Task description
Below are entries; write every one of them out again exactly.

______________________________

Lemma Uset_sub_shells (R : realType) (n e : nat) (I : seq 'rV[int]_e)
    (delta alpha : R) (x : 'rV[int]_e -> 'I_n -> R) (i : 'rV[int]_e) :
  (0 < n)%N -> uniq I -> Dset I delta x -> i \in I ->
  Uset I delta alpha x i `<=`
  [set om | exists2 k, k \in rem i I & shell (x i) (x k) (2 * alpha * Num.sqrt n%:R) om].
Proof.
move=> n_gt0 I_uniq [x_cube _] iI om [om_cube [y [[y_cube _] [yx [xy_lt [y_not x_cell]]]]]].
have [k kI [ki k_closer]] : exists2 k, k \in I & k <> i /\
    ~ (Defs.edist (y i) om < Defs.edist (y k) om \/
       Defs.edist (y i) om = Defs.edist (y k) om /\ lexlt i k).
  apply: contrapT => no_k; apply: y_not; split => // k kI ki.
  by apply: contrapT => k_closer; apply: no_k; exists k.
have yk : y k = x k by apply: yx.
have x_near : sqdist (x i) om <= sqdist (x k) om.
  by rewrite -ler_edist; case: (x_cell.2 k kI ki) => [/ltW | [-> _]].
have y_far : sqdist (x k) om <= sqdist (y i) om.
  by rewrite -ler_edist -yk leNgt; apply/negP => lt_ki; apply: k_closer; left.
exists k; first by rewrite (mem_rem_uniq _ I_uniq) inE kI andbT; apply/eqP.
split => //; rewrite x_near /=.
exact: le_lt_trans y_far (sqdist_shift_lt n_gt0 (x_cube i iI) (y_cube i iI) om_cube xy_lt).
Qed.

Lemma Uset_cover (R : realType) (d e : nat) (I : seq 'rV[int]_e) (delta alpha eps : R)
    (x : 'rV[int]_e -> 'I_d.+1 -> R) (i : 'rV[int]_e) :
  uniq I -> i \in I -> 0 < delta -> 0 < alpha -> Dset I delta x -> 0 < eps ->
  box_coverable (Uset I delta alpha x i)
    (((size I)%:R - 1) * (alpha * d.+1%:R / delta + eps)).
Proof.
move=> I_uniq iI delta_gt0 alpha_gt0 Dx eps_gt0.
apply: box_coverableS (Uset_sub_shells (alpha := alpha) (ltn0Sn d) I_uniq Dx iI) _.
have -> : (size I)%:R - 1 = (size (rem i I))%:R :> R.
  by rewrite size_rem // -subn1 natrB // lt0n; apply/eqP => /size0nil I0; rewrite I0 in iI.
apply: box_coverable_bigcup => k; rewrite (mem_rem_uniq _ I_uniq) inE => /andP [/eqP ki kI].
have [x_cube x_sep] := Dx.
apply: box_coverable_le _ (shell_cover (x_cube i iI) (x_cube k kI) delta_gt0
  (x_sep i k iI kI (nesym ki)) _ eps_gt0); last by rewrite !mulr_ge0 ?sqrtr_ge0 // ltW.
have -> : 2 * alpha * Num.sqrt d.+1%:R * Num.sqrt d.+1%:R = 2 * alpha * Num.sqrt d.+1%:R ^+ 2.
  by ring.
by rewrite sqr_sqrtr ?ler0n // lerD2r le_eqVlt; apply/predU1l; field; rewrite gt_eqF.
Qed.

Lemma leq_sqrS_exp2 (d : nat) : (d.+1 ^ 2 <= 4 * 2 ^ d)%N.
Proof.
elim: d => [//|d IHd]; have := ltn_expl d (isT : (1 < 2)%N).
by rewrite !expnS !expn0 !muln1 in IHd *; lia.
Qed.

Lemma natS_le_sqrt2_exp (R : realType) (d : nat) : d.+1%:R <= 2 * Num.sqrt 2 ^+ d :> R.
Proof.
have rhs_ge0 : 0 <= 2 * Num.sqrt 2 ^+ d :> R by rewrite mulr_ge0 ?exprn_ge0.
rewrite -(ler_pXn2r (isT : (0 < 2)%N)) ?nnegrE ?ler0n //.
rewrite exprMn -exprM mulnC exprM sqr_sqrtr ?ler0n // -!natrX -natrM ler_nat.
exact: leq_sqrS_exp2.
Qed.

Theorem lemma1 (R : realType) (d e : nat) (I : seq 'rV[int]_e)
    (delta alpha : R) (i : 'rV[int]_e) :
  (1 <= d)%N -> (1 <= e)%N -> (e <= d)%N -> uniq I -> (1 < size I)%N ->
  0 < delta -> 0 < alpha -> alpha < delta / 2 -> i \in I ->
  (ereal_sup [set leb_outer (Uset I delta alpha x i) | x in @Dset R d e I delta]
   < (((size I)%:R - 1) * (2 * alpha / delta + alpha) * Num.sqrt 2 ^+ (d - 1))%:E)%E.
Proof.
case: d => [//|d] _ _ _ I_uniq I_gt1 delta_gt0 alpha_gt0 _ iI; rewrite subn1 /=.
set D : R := d.+1%:R.
apply: (@le_lt_trans _ _ (((size I)%:R - 1) * (alpha * D / delta + alpha / 2))%:E).
  apply: ge_ereal_sup => _ [x Dx <-].
  apply: leb_outer_le_cover (ltn0Sn d) (Uset_cover I_uniq iI delta_gt0 alpha_gt0 Dx _).
  by rewrite divr_gt0.
rewrite lte_fin -[_ * _ * Num.sqrt 2 ^+ d]mulrA ltr_pM2l ?subr_gt0 ?ltr1n //.
have sqrt2_pow_ge1 : 1 <= Num.sqrt 2 ^+ d :> R.
  by apply: exprn_ege1; rewrite -{1}sqrtr1 ler_sqrt // ler1n.
have : alpha / delta * D <= alpha / delta * (2 * Num.sqrt 2 ^+ d).
  by apply: ler_wpM2l; [rewrite divr_ge0 // ltW | exact: natS_le_sqrt2_exp].
have : alpha <= alpha * Num.sqrt 2 ^+ d by rewrite ler_peMr // ltW.
have -> : alpha * D / delta = alpha / delta * D by ring.
have -> : (2 * alpha / delta + alpha) * Num.sqrt 2 ^+ d
    = alpha / delta * (2 * Num.sqrt 2 ^+ d) + alpha * Num.sqrt 2 ^+ d by ring.
lra.
Qed.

______________________________

Result for this task
Lemma Uset_sub_shells (R : realType) (n e : nat) (I : seq 'rV[int]_e)
    (delta alpha : R) (x : 'rV[int]_e -> 'I_n -> R) (i : 'rV[int]_e) :
  (0 < n)%N -> uniq I -> Dset I delta x -> i \in I ->
  Uset I delta alpha x i `<=`
  [set om | exists2 k, k \in rem i I & shell (x i) (x k) (2 * alpha * Num.sqrt n%:R) om].
Proof.
move=> n_gt0 I_uniq [x_cube _] iI om [om_cube [y [[y_cube _] [yx [xy_lt [y_not x_cell]]]]]].
have [k kI [ki k_closer]] : exists2 k, k \in I & k <> i /\
    ~ (Defs.edist (y i) om < Defs.edist (y k) om \/
       Defs.edist (y i) om = Defs.edist (y k) om /\ lexlt i k).
  apply: contrapT => no_k; apply: y_not; split => // k kI ki.
  by apply: contrapT => k_closer; apply: no_k; exists k.
have yk : y k = x k by apply: yx.
have x_near : sqdist (x i) om <= sqdist (x k) om.
  by rewrite -ler_edist; case: (x_cell.2 k kI ki) => [/ltW | [-> _]].
have y_far : sqdist (x k) om <= sqdist (y i) om.
  by rewrite -ler_edist -yk leNgt; apply/negP => lt_ki; apply: k_closer; left.
exists k; first by rewrite (mem_rem_uniq _ I_uniq) inE kI andbT; apply/eqP.
split => //; rewrite x_near /=.
exact: le_lt_trans y_far (sqdist_shift_lt n_gt0 (x_cube i iI) (y_cube i iI) om_cube xy_lt).
Qed.

Lemma Uset_cover (R : realType) (d e : nat) (I : seq 'rV[int]_e) (delta alpha eps : R)
    (x : 'rV[int]_e -> 'I_d.+1 -> R) (i : 'rV[int]_e) :
  uniq I -> i \in I -> 0 < delta -> 0 < alpha -> Dset I delta x -> 0 < eps ->
  box_coverable (Uset I delta alpha x i)
    (((size I)%:R - 1) * (alpha * d.+1%:R / delta + eps)).
Proof.
move=> I_uniq iI delta_gt0 alpha_gt0 Dx eps_gt0.
apply: box_coverableS (Uset_sub_shells (alpha := alpha) (ltn0Sn d) I_uniq Dx iI) _.
have -> : (size I)%:R - 1 = (size (rem i I))%:R :> R.
  by rewrite size_rem // -subn1 natrB // lt0n; apply/eqP => /size0nil I0; rewrite I0 in iI.
apply: box_coverable_bigcup => k; rewrite (mem_rem_uniq _ I_uniq) inE => /andP [/eqP ki kI].
have [x_cube x_sep] := Dx.
apply: box_coverable_le _ (shell_cover (x_cube i iI) (x_cube k kI) delta_gt0
  (x_sep i k iI kI (nesym ki)) _ eps_gt0); last by rewrite !mulr_ge0 ?sqrtr_ge0 // ltW.
have -> : 2 * alpha * Num.sqrt d.+1%:R * Num.sqrt d.+1%:R = 2 * alpha * Num.sqrt d.+1%:R ^+ 2.
  by ring.
by rewrite sqr_sqrtr ?ler0n // lerD2r le_eqVlt; apply/predU1l; field; rewrite gt_eqF.
Qed.

Lemma leq_sqrS_exp2 (d : nat) : (d.+1 ^ 2 <= 4 * 2 ^ d)%N.
Proof.
elim: d => [//|d IHd]; have := ltn_expl d (isT : (1 < 2)%N).
by rewrite !expnS !expn0 !muln1 in IHd *; lia.
Qed.

Lemma natS_le_sqrt2_exp (R : realType) (d : nat) : d.+1%:R <= 2 * Num.sqrt 2 ^+ d :> R.
Proof.
have rhs_ge0 : 0 <= 2 * Num.sqrt 2 ^+ d :> R by rewrite mulr_ge0 ?exprn_ge0.
rewrite -(ler_pXn2r (isT : (0 < 2)%N)) ?nnegrE ?ler0n //.
rewrite exprMn -exprM mulnC exprM sqr_sqrtr ?ler0n // -!natrX -natrM ler_nat.
exact: leq_sqrS_exp2.
Qed.

Theorem lemma1 (R : realType) (d e : nat) (I : seq 'rV[int]_e)
    (delta alpha : R) (i : 'rV[int]_e) :
  (1 <= d)%N -> (1 <= e)%N -> (e <= d)%N -> uniq I -> (1 < size I)%N ->
  0 < delta -> 0 < alpha -> alpha < delta / 2 -> i \in I ->
  (ereal_sup [set leb_outer (Uset I delta alpha x i) | x in @Dset R d e I delta]
   < (((size I)%:R - 1) * (2 * alpha / delta + alpha) * Num.sqrt 2 ^+ (d - 1))%:E)%E.
Proof.
case: d => [//|d] _ _ _ I_uniq I_gt1 delta_gt0 alpha_gt0 _ iI; rewrite subn1 /=.
set D : R := d.+1%:R.
apply: (@le_lt_trans _ _ (((size I)%:R - 1) * (alpha * D / delta + alpha / 2))%:E).
  apply: ge_ereal_sup => _ [x Dx <-].
  apply: leb_outer_le_cover (ltn0Sn d) (Uset_cover I_uniq iI delta_gt0 alpha_gt0 Dx _).
  by rewrite divr_gt0.
rewrite lte_fin -[_ * _ * Num.sqrt 2 ^+ d]mulrA ltr_pM2l ?subr_gt0 ?ltr1n //.
have sqrt2_pow_ge1 : 1 <= Num.sqrt 2 ^+ d :> R.
  by apply: exprn_ege1; rewrite -{1}sqrtr1 ler_sqrt // ler1n.
have : alpha / delta * D <= alpha / delta * (2 * Num.sqrt 2 ^+ d).
  by apply: ler_wpM2l; [rewrite divr_ge0 // ltW | exact: natS_le_sqrt2_exp].
have : alpha <= alpha * Num.sqrt 2 ^+ d by rewrite ler_peMr // ltW.
have -> : alpha * D / delta = alpha / delta * D by ring.
have -> : (2 * alpha / delta + alpha) * Num.sqrt 2 ^+ d
    = alpha / delta * (2 * Num.sqrt 2 ^+ d) + alpha * Num.sqrt 2 ^+ d by ring.
lra.
Qed.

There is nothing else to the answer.